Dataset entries
= = = =
Lemma cyclic_commuting_lifts (aT rT : finGroupType) (G : {group aT})
    (f : {morphism G >-> rT}) (x y : rT) :
    x \in f @* G -> y \in f @* G -> cyclic <<[set x; y]>> ->
  exists2 x', x' \in G /\ f x' = x & exists2 y', y' \in G /\ f y' = y & commute x' y'.
Proof.
move=> fGx fGy /cyclicP[z def_xy].
have : z \in f @* G.
  by rewrite -cycle_subG -def_xy gen_subG subUset !sub1set fGx fGy.
case/morphimP=> z' Gz' _ def_z; rewrite {z}def_z in def_xy.
have /cycleP[i ->] : x \in <[f z']> by rewrite -def_xy mem_gen ?setU11.
have /cycleP[j ->] : y \in <[f z']> by rewrite -def_xy mem_gen ?setU1r ?set11.
exists (z' ^+ i); first by rewrite groupX ?morphX.
exists (z' ^+ j); first by rewrite groupX ?morphX.
exact/commuteX2/commute_refl.
Qed.

Lemma normal_card2_center (gT : finGroupType) (G K : {group gT}) :
  K <| G -> #|K| = 2 -> K \subset 'Z(G).
Proof.
move=> nKG oK; have [k Kk ntk] : exists2 k, k \in K & k != 1.
  by apply/trivgPn; rewrite trivg_card1 oK.
have defK : K :=: [set 1; k].
  by apply/eqP; rewrite eq_sym eqEcard cards2 eq_sym ntk oK subUset !sub1set group1 Kk.
apply/subsetP => x Kx; apply/centerP; split; first exact: (subsetP (normal_sub nKG)).
move=> g Gg; move: Kx; rewrite defK => /set2P[-> | ->]; first exact: commute_sym (commute1 g).
have : k ^ g \in [set 1; k] by rewrite -defK memJ_norm // (subsetP (normal_norm nKG)).
by rewrite !inE conjg_eq1 (negbTE ntk) => /eqP/conjg_fixP/commgP.
Qed.

Lemma commute_conjg_fix (gT : finGroupType) (x y : gT) : commute x y -> x ^ y = x.
Proof. by move/commgP/conjg_fixP. Qed.

Section DihedralGenerators.
Variables (gT : finGroupType) (n : nat) (r s : gT).
Hypotheses (rn : r ^+ n = 1) (s2 : s ^+ 2 = 1) (rs : r ^ s = r^-1).
Local Notation D := (<[r]> <*> <[s]>).

Lemma rot_in_dihedral : r \in D.
Proof. by rewrite mem_gen // inE cycle_id. Qed.

Lemma refl_in_dihedral : s \in D.
Proof. by rewrite mem_gen // inE cycle_id orbT. Qed.

Lemma rot_sq_in_der1 : r ^+ 2 \in D^`(1).
Proof.
have -> : r ^+ 2 = [~ r, s]^-1 by rewrite commgEl rs -invMg invgK.
by rewrite groupV; apply: mem_commg; rewrite ?rot_in_dihedral ?refl_in_dihedral.
Qed.

Lemma dihedral_mulE : D = <[r]> * <[s]>.
Proof. by apply: norm_joinEr; rewrite norms_cycle rs groupV cycle_id. Qed.

Lemma dihedral_reflectionP u : u \in D -> u \notin <[r]> -> exists i, u = r ^+ i * s.
Proof.
rewrite dihedral_mulE => /mulsgP[_ _ /cycleP[i ->] /cycleP[j ->] ->].
rewrite -(expg_mod j s2); have: j %% 2 < 2 by rewrite ltn_mod.
case: (j %% 2) => [|[|//]] _ nr; last by exists i.
by rewrite expg0 mulg1 mem_cycle in nr.
Qed.

Lemma dihedral_reflection_inv w u :
  w \in <[r]> -> u \in D -> u \notin <[r]> -> w ^ u = w^-1.
Proof.
move=> /cycleP[j ->] Du nu; have [i ->] := dihedral_reflectionP Du nu.
by rewrite conjgM (commute_conjg_fix (commuteX2 _ _ (commute_refl r))) conjXg rs expVgn.
Qed.

Lemma reflection_mulV_rot u v :
  u \in D -> u \notin <[r]> -> v \in D -> v \notin <[r]> -> u^-1 * v \in <[r]>.
Proof.
move=> Du nu Dv nv; have [i ->] := dihedral_reflectionP Du nu.
have [j ->] := dihedral_reflectionP Dv nv.
have -> : (r ^+ i * s)^-1 * (r ^+ j * s) = ((r ^+ i)^-1 * r ^+ j) ^ s.
  by rewrite conjgE invMg !mulgA.
by rewrite conjMg conjVg !conjXg rs groupM ?groupV ?groupX ?groupV ?cycle_id.
Qed.

Hypothesis cardD : #|D| = n.*2.

Lemma order_dihedral_rot : #[r] = n.
Proof.
have le_r_n : #[r] <= n.
  by rewrite dvdn_leq ?order_dvdn ?rn // -double_gt0 -cardD cardG_gt0.
have le_s_2 : #[s] <= 2 by rewrite dvdn_leq // order_dvdn s2.
have := mul_cardG <[r]> <[s]>; rewrite -dihedral_mulE cardD -!orderE => eD.
have : n.*2 <= #[r] * 2.
  by rewrite (leq_trans _ (leq_mul (leqnn _) le_s_2)) // eD leq_pmulr ?cardG_gt0.
by rewrite -muln2; lia.
Qed.

Lemma refl_notin_rot : s \notin <[r]>.
Proof.
rewrite -cycle_subG; apply/negP => /joing_idPl rsD.
have := cardD; rewrite rsD -orderE order_dihedral_rot -addnn.
by have := cardG_gt0 D; rewrite cardD double_gt0; lia.
Qed.

Hypothesis n_even : ~~ odd n.
Lemma otd_path_over_rcons p q a l z : otd_path_over p q ->
  otd_path_over (rcons p (otd_step a l z)) (rcons q (a, z)).
Proof.
move=> pq s /In_rcons [ps|->]; last by exists a, l, z; split => //; apply/In_rcons; right.
have [a' [l' [z' [-> qz']]]] := pq s ps.
by exists a', l', z'; split => //; apply/In_rcons; left.
Qed.

Lemma dff_of_ltree_shattered q d t : l_shat F q d t ->
  forall p, otd_path_over p q -> forall y phi, DS p d (dff_of_ltree t p y phi).
Proof.
elim=> {q d t} [q [f [Ff fq]]|q d a y0 y1 t0 t1 y01 _ IH0 _ IH1] p pq y phi /=.
  constructor; exists (T_of f); split; first by split; [exists f | case=> [] // w ? ->].
  by move=> s /pq [a [l [z [-> qz]]]]; rewrite /= (fq _ qz).
constructor.
- have : List.In (inr y0, y0) (otd_edge_labels p) by apply/otd_edge_labelsP; left.
  by case: (otd_edge_labels p).
- move=> l; rewrite -otd_edge_labelsP; split.
  + by case=> t /List.in_map_iff [l' [[<- _] ?]].
  + by move=> pl; eexists; apply/List.in_map_iff; exists l.
move=> l t /List.in_map_iff [_ [[-> <-] _]].
set z := if l.2 == y0 then y1 else y0.
have [ox [ch root]] := dff_of_ltree_root (if l.2 == y0 then t1 else t0)
  (rcons p (otd_step a l z)) (Some z) (Some (indic (inl a))).
exists (Some z), (Some (indic (inl a))), ox, ch; split; first exact: root.
split; first by move=> f [<-]; exists (inl a).
have zl : z <> l.2 by rewrite /z; case: eqP => [->|]; exact/nesym.
split=> //; split; first by case.
rewrite /z; case: eqP => _.
- by apply: IH1; apply: otd_path_over_rcons.
- by apply: IH0; apply: otd_path_over_rcons.
Qed.

End LittlestoneToOtD.

Theorem mainTheorem8 (X : Type) (Y : finType) (F : (X -> Y) -> Prop) :
  DFFdim (OtD F) = Ldim F.
Proof.
apply: sup_height_ext => n /=; split.
- by case=> t [_ /ltree_of_dff_tree].
- case=> lt lt_sh; exists (dff_of_ltree lt [::] None None); split.
    by case: lt lt_sh.
  by apply: (dff_of_ltree_shattered lt_sh) => s [].
Qed.
Lemma rgw_head x w : rgw (x :: w) -> x = 1.
Proof. by rewrite /rgw /= => /andP [/andP [H1 H2] _]; lia. Qed.

Lemma foldl_maxnE m s : foldl maxn m s = maxn m (nblocks s).
Proof. by elim: s m => [|x s IH] m /=; rewrite ?maxn0 // IH maxnA. Qed.

Lemma nblocksE s : nblocks s = foldl maxn 0 s.
Proof. by rewrite foldl_maxnE max0n. Qed.

Lemma leq_nblocks s x : x \in s -> x <= nblocks s.
Proof.
elim: s => //= y s IH; rewrite inE => /orP [/eqP ->|/IH H]; first exact: leq_maxl.
exact: leq_trans H (leq_maxr _ _).
Qed.

Lemma nblocks_pred s : nblocks (map predn s) = predn (nblocks s).
Proof. by elim: s => //= x s ->; lia. Qed.

(* Every letter up to the running maximum either was already available (<= m)
   or occurs in the word: restricted growth words have no gaps. *)
Lemma rgw_mem m u c : rgw_aux m u -> 0 < c <= foldl maxn m u -> c <= m \/ c \in u.
Proof.
elim: u m => [|x u IH] m /=; first by move=> _ /andP [_ ->]; left.
move=> /andP [/andP [H1 H2] H3] Hc.
case: (IH _ H3 Hc) => [Hc2|Hc2]; last by right; rewrite inE Hc2 orbT.
case: (leqP x m) => Hxm; first by left; move: Hc2; rewrite (maxn_idPl Hxm).
move: Hc2; rewrite (maxn_idPr (ltnW Hxm)) leq_eqVlt => /orP [/eqP->|]; last by left; lia.
by right; rewrite inE eqxx.
Qed.

Lemma shift_mono k : {mono addn k : x y / x < y}.
Proof. by move=> x y; rewrite ltn_add2l. Qed.

Lemma rgw_shift m k p : all (fun x => 0 < x) p -> rgw_aux (m + k) (shift k p) = rgw_aux m p.
Proof.
elim: p m => //= x p IH m /andP [Hx Hp].
by rewrite (addnC k x) -addn_maxl IH // Hx /=; congr andb; apply/idP/idP; lia.
Qed.

Lemma rgw_shift0 k p : rgw p -> rgw_aux k (shift k p) = true.
Proof. by move=> Rp; have := rgw_shift 0 k (rgw_all_pos Rp); rewrite add0n => ->. Qed.

Lemma foldl_shift m k s : foldl maxn (m + k) (shift k s) = foldl maxn m s + k.
Proof. by elim: s m => //= x s IH m; rewrite (addnC k x) -addn_maxl IH. Qed.

(* lift1 k keeps the letter 1 and raises every other letter by k; it is used
   to merge the first block of a word into an enclosing block 1. *)
Definition lift1 (k x : nat) : nat := if x <= 1 then x else x + k.

Lemma lift1_mono k : {mono lift1 k : x y / x < y}.
Proof. by move=> x y; rewrite /lift1; do 2 case: ifP => ?; apply/idP/idP; lia. Qed.

Lemma rgw_lift m k p : 0 < m -> rgw_aux (m + k) (map (lift1 k) p) = rgw_aux m p.
Proof.
elim: p m => //= x p IH m Hm; rewrite /lift1; case: ifP => Hx.
- case: x Hx => [|[|x]] //= _.
  by rewrite (maxn_idPl Hm) (maxn_idPl (_ : 1 <= m + k)) ?IH //; lia.
- by rewrite -addn_maxl IH; [congr andb; apply/idP/idP|]; lia.
Qed.

Lemma rgw_aux1 p : rgw p -> rgw_aux 1 p.
Proof. by case: p => //= x p' /[dup] /rgw_head -> /=; rewrite /rgw /=. Qed.

(** Counting through a unique factorization *)

Lemma uniq_flatten_map (T U : eqType) (F : T -> seq U) s : uniq s ->
  {in s, forall y, uniq (F y)} ->
  (forall y1 y2 x, y1 \in s -> y2 \in s -> x \in F y1 -> x \in F y2 -> y1 = y2) ->
  uniq (flatten (map F s)).
Proof.
elim: s => //= y s IH /andP [Hy Us] UF D.
rewrite cat_uniq UF ?inE ?eqxx //= IH //; first last.
- by move=> y1 y2 x H1 H2; apply: D; rewrite inE ?H1 ?H2 orbT.
- by move=> y' Hy'; apply: UF; rewrite inE Hy' orbT.
rewrite andbT; apply/hasPn => x /flattenP [t /mapP [y' Hy' ->] Hx]; apply/negP => Hx'.
have E := D y y' x (mem_head _ _) ltac:(by rewrite inE Hy' orbT) Hx' Hx.
by move: Hy; rewrite E Hy'.
Qed.

Lemma mem_words k m w : (w \in words k m) = (size w == k) && all (fun x => 0 < x <= m) w.
Proof.
elim: k w => [|k IH] [|x w] //=.
  by apply/negP => /flattenP [s /mapP [y _ ->] /mapP [v _]].
rewrite eqSS; apply/flattenP/idP.
- move=> [s /mapP [y Hy ->] /mapP [v Hv [-> ->]]].
  move: Hv; rewrite IH => /andP [/eqP -> ->]; rewrite eqxx andbT /=.
  by move: Hy; rewrite mem_iota; lia.
- move=> /andP [Hs /andP [Hx Hw]]; exists [seq x :: v | v <- words k m].
    by apply/mapP; exists x => //; rewrite mem_iota; lia.
  by apply/mapP; exists w => //; rewrite IH Hw andbT.
Qed.

Lemma uniq_words k m : uniq (words k m).
Proof.
elim: k => //= k IH; apply: uniq_flatten_map; first exact: iota_uniq.
- by move=> y _; rewrite map_inj_uniq // => a b [].
- by move=> y1 y2 x _ _ /mapP [v _ ->] /mapP [v' _ [->]].
Qed.

Definition nc_words (k : nat) : seq (seq nat) := filter noncrossing (words k k).

Lemma mem_nc_words k w : (w \in nc_words k) = noncrossing w && (size w == k).
Proof.
rewrite mem_filter mem_words; case Hn: (noncrossing w) => //=.
case: eqP => //= Hs; apply/allP => x Hx.
by have := allP (rgw_bound (nc_rgw Hn)) x Hx; lia.
Qed.
(* Let $m\ge 8$ be an even integer. There do not exist a graph $G=(V,E)$ with $|V|=m$ and a function $h:E\to\{0,1\}$ such that simultaneously (1) there are at least $\dfrac{2^m}{2^{\lceil\log_2 m\rceil}}$ colourings of $G$ according to $h$, and (2) $G$ contains a connected component with more than $\frac{m}{2}$ vertices.
   Context: Given a graph $G=(V,E)$ and a function $h:E\to\{0,1\}$, a colouring of $G$ according to $h$ is a function $c:V\to\{0,1\}$ such that $c(u)\oplus c(v)=h(\{u,v\})$ for every edge $\{u,v\}\in E$. A connected component of a graph is a nonempty maximal connected induced subgraph; its cardinality is its number of vertices. *)

From mathcomp Require Import all_boot.
Set Implicit Arguments. Unset Strict Implicit. Unset Printing Implicit Defensive.

Definition simple_graph (T : finType) (e : rel T) : Prop :=
  symmetric e /\ irreflexive e.

(* h : E -> {0,1} is represented as a function on 2-element vertex sets
   {u,v}; only its values on edges matter. *)
Definition is_colouring (T : finType) (e : rel T) (h : {set T} -> bool)
  (c : {ffun T -> bool}) : bool :=
  [forall u, forall v, e u v ==> (c u (+) c v == h [set u; v])].

Definition colourings (T : finType) (e : rel T) (h : {set T} -> bool) :
  {set {ffun T -> bool}} := [set c | is_colouring e h c].

Definition component (T : finType) (e : rel T) (x : T) : {set T} :=
  [set y | connect e x y].

From mathcomp Require Import all_boot.
From mathcomp Require Import zify.

Set Implicit Arguments.
Unset Strict Implicit.
Unset Printing Implicit Defensive.

(* Two colourings according to the same h differ by a constant on each
   connected component, so a colouring is determined by its value at one
   vertex x together with its values outside the component K of x: there are
   at most 2^(1 + m - |K|) colourings.  Combined with the lower bound
   2^(m - ceil(log2 m)) this forces |K| <= 1 + ceil(log2 m), which is at most
   m/2 once m >= 8. *)

Section Colourings.

Variables (T : finType) (e : rel T) (h : {set T} -> bool).

Lemma colouring_edge (c : {ffun T -> bool}) u v :
  c \in colourings e h -> e u v -> c u (+) c v = h [set u; v].
Proof. by rewrite inE => /forallP/(_ u)/forallP/(_ v)/implyP H /H/eqP. Qed.

Lemma colourings_addb_connect (c1 c2 : {ffun T -> bool}) x y :
  c1 \in colourings e h -> c2 \in colourings e h -> connect e x y ->
  c1 y (+) c2 y = c1 x (+) c2 x.
Proof.
move=> col1 col2 xy.
set a := [pred z | c1 z (+) c2 z == c1 x (+) c2 x].
have a_closed : closed e a.
  move=> u v uv; rewrite !inE.
  move: (colouring_edge col1 uv) (colouring_edge col2 uv).
  by case: (c1 u); case: (c1 v); case: (c2 u); case: (c2 v);
     case: (h [set u; v]).
by have := closed_connect a_closed xy; rewrite !inE eqxx => /esym/eqP.
Qed.

Lemma card_colourings_component x :
  #|colourings e h| <= 2 ^ (#|T| - #|component e x|).+1.
Proof.
set K := component e x; set D := x |: ~: K.
pose restr (c : {ffun T -> bool}) := D :&: [set y | c y].
have restr_inj : {in colourings e h &, injective restr}.
  move=> c1 c2 col1 col2 eq12.
  have eqD z : z \in D -> c1 z = c2 z.
    move=> Dz; have := congr1 (fun S : {set T} => z \in S) eq12.
    by rewrite !in_setI Dz !inE; case: (c1 z); case: (c2 z).
  apply/ffunP => y; have [Ky | K'y] := boolP (y \in K); last first.
    by apply: eqD; rewrite in_setU1 in_setC K'y orbT.
  have xy : connect e x y by move: Ky; rewrite inE.
  move: (colourings_addb_connect col1 col2 xy); rewrite (eqD x) ?setU11 //.
  by case: (c1 y); case: (c2 y); case: (c2 x).
rewrite -(card_in_imset restr_inj).
have /subset_leq_card/leq_trans-> // : restr @: colourings e h \subset powerset D.
  by apply/subsetP => _ /imsetP[c _ ->]; rewrite inE subsetIl.
have Kx : x \in K by rewrite inE connect0.
rewrite card_powerset cardsU1 in_setC Kx /=.
by have := cardsC K; rewrite add1n => <-; rewrite addKn.
Qed.

End Colourings.

Lemma double_leq_exp2_pred n : 4 <= n -> n.*2 <= 2 ^ n.-1.
Proof.
elim: n => // n IHn; rewrite leq_eqVlt => /orP[/eqP <- // | n_ge4].
have := IHn n_ge4; case: n n_ge4 {IHn} => // n _ /=; rewrite expnS; lia.
Qed.

Lemma up_log2_lt_half m : 8 <= m -> ~~ odd m -> up_log 2 m < m./2.
Proof.
move=> m_ge8 m_even; have m_eq : m = m./2.*2.
  by rewrite -[LHS]odd_double_half (negbTE m_even).
have m_half_ge4 : 4 <= m./2 by lia.
have := double_leq_exp2_pred m_half_ge4; rewrite -m_eq.
move=> /(up_log_min (isT : 1 < 2)) /leq_ltn_trans->;
  by rewrite // ltn_predL (leq_trans _ m_half_ge4).
Qed.

Theorem theorem2 (m : nat) (Hm8 : 8 <= m) (Hev : ~~ odd m) :
  ~ exists (T : finType) (e : rel T) (h : {set T} -> bool),
      [/\ #|T| = m, simple_graph e,
          2 ^ m <= #|colourings e h| * 2 ^ up_log 2 m
        & exists x : T, m < 2 * #|component e x|].
Proof.
move=> [T [e [h [card_T _ many_colourings [x big_component]]]]].
have k_le_m : #|component e x| <= m by rewrite -card_T max_card.
have {many_colourings} : m <= (m - #|component e x|).+1 + up_log 2 m.
  rewrite -(leq_exp2l _ _ (isT : 1 < 2)) expnD.
  apply: leq_trans many_colourings _.
  by rewrite leq_mul2r -card_T card_colourings_component orbT.
have := up_log2_lt_half Hm8 Hev.
lia.
Qed.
= = = =
**Assigned task:**
Out of the records above, pull the lines that include the word "Definition".

**Solution to this problem:**
Definition lift1 (k x : nat) : nat := if x <= 1 then x else x + k.
Definition nc_words (k : nat) : seq (seq nat) := filter noncrossing (words k k).
Definition simple_graph (T : finType) (e : rel T) : Prop :=
Definition is_colouring (T : finType) (e : rel T) (h : {set T} -> bool)
Definition colourings (T : finType) (e : rel T) (h : {set T} -> bool) :
Definition component (T : finType) (e : rel T) (x : T) : {set T} :=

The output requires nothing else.